### Assignment
Copy out each line of the data that contains "spans".

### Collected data
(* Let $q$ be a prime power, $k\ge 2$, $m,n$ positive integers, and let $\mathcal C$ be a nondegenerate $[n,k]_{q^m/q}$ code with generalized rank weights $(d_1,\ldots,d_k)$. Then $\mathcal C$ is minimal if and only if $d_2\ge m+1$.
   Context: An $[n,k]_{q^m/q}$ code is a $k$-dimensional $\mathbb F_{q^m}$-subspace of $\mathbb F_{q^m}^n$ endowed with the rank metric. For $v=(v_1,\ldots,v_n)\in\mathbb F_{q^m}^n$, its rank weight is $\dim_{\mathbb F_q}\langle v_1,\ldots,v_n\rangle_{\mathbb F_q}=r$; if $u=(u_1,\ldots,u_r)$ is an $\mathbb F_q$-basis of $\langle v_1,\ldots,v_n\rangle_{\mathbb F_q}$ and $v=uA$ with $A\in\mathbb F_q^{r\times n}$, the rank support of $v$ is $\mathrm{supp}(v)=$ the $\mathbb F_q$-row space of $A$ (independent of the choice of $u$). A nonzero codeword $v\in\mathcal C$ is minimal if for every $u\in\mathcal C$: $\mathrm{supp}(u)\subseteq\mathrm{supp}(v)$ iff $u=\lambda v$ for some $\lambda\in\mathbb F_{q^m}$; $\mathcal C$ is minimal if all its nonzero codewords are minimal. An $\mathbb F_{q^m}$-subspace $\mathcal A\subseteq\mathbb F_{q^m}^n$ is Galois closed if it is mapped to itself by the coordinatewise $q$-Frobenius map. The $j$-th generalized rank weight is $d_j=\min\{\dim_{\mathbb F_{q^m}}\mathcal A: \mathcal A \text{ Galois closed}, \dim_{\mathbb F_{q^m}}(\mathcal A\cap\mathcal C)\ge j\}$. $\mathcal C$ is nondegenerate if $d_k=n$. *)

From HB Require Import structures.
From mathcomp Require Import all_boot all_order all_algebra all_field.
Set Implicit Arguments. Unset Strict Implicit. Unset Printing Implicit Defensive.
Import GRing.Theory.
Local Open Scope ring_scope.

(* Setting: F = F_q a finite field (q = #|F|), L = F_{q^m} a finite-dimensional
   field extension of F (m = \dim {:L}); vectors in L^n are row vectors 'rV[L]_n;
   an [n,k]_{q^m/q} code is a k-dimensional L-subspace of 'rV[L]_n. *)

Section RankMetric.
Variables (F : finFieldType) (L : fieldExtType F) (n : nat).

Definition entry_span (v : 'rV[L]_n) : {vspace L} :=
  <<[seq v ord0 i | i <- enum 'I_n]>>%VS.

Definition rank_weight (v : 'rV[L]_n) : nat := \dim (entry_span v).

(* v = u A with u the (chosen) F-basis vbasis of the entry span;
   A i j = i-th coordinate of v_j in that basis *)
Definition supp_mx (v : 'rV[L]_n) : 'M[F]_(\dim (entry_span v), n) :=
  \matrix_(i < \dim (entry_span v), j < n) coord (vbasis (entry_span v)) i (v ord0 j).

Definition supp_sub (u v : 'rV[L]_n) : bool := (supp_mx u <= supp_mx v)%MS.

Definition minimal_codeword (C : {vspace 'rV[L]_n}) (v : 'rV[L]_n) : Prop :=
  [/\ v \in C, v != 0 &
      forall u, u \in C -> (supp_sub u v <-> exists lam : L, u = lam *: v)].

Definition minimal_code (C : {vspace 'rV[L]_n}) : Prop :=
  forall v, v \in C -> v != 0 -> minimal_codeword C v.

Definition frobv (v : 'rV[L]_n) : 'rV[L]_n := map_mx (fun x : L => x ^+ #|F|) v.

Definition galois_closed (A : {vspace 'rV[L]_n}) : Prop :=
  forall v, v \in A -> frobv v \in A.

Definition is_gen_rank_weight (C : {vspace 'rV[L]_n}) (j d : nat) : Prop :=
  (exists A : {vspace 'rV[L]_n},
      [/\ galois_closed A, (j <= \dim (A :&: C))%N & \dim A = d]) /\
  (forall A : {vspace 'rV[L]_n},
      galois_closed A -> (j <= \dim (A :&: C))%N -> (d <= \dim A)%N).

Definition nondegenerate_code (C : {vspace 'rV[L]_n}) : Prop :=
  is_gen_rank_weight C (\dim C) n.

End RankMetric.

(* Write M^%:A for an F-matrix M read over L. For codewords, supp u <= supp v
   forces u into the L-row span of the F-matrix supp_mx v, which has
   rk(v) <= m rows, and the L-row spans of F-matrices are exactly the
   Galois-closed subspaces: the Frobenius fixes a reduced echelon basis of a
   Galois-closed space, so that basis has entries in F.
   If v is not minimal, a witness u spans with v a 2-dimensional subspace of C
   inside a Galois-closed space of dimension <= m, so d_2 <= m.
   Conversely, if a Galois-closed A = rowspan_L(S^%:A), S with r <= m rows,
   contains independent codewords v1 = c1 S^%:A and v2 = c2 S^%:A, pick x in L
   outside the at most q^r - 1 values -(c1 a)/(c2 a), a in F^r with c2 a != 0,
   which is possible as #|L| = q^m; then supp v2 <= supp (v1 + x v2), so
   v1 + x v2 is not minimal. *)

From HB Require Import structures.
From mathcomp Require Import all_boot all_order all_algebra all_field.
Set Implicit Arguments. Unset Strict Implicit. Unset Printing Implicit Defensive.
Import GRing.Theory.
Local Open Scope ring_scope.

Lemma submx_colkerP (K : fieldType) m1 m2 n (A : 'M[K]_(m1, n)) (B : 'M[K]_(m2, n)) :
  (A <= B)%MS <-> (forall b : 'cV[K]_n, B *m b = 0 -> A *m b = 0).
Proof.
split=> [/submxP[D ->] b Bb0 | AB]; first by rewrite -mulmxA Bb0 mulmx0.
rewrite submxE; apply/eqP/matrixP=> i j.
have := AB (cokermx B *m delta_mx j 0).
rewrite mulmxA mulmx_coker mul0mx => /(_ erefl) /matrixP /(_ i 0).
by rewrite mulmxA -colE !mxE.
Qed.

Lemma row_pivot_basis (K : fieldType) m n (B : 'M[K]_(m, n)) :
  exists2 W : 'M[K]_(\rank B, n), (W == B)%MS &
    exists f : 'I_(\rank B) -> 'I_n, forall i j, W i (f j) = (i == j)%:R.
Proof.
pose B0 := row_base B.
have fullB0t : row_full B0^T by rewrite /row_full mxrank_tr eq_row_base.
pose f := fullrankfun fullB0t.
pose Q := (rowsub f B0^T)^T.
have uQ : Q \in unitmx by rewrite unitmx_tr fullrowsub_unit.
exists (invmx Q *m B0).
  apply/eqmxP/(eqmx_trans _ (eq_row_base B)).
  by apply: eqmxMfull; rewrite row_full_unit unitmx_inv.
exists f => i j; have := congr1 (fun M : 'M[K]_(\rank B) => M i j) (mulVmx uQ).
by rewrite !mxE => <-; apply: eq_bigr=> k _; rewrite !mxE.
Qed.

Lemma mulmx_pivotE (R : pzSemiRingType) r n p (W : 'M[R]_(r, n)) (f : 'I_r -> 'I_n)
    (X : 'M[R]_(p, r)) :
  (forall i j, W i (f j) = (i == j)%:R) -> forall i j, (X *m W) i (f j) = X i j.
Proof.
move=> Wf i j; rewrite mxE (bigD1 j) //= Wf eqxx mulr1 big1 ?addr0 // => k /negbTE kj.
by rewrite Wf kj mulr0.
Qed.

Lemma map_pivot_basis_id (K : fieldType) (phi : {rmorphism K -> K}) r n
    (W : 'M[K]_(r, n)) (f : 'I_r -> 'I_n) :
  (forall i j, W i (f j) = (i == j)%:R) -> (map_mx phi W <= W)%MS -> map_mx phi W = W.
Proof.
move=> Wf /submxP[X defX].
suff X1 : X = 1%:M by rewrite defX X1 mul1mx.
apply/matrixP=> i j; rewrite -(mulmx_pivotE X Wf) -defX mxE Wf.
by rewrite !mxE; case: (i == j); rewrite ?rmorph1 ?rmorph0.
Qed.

### Output for this task
   rk(v) <= m rows, and the L-row spans of F-matrices are exactly the
   If v is not minimal, a witness u spans with v a 2-dimensional subspace of C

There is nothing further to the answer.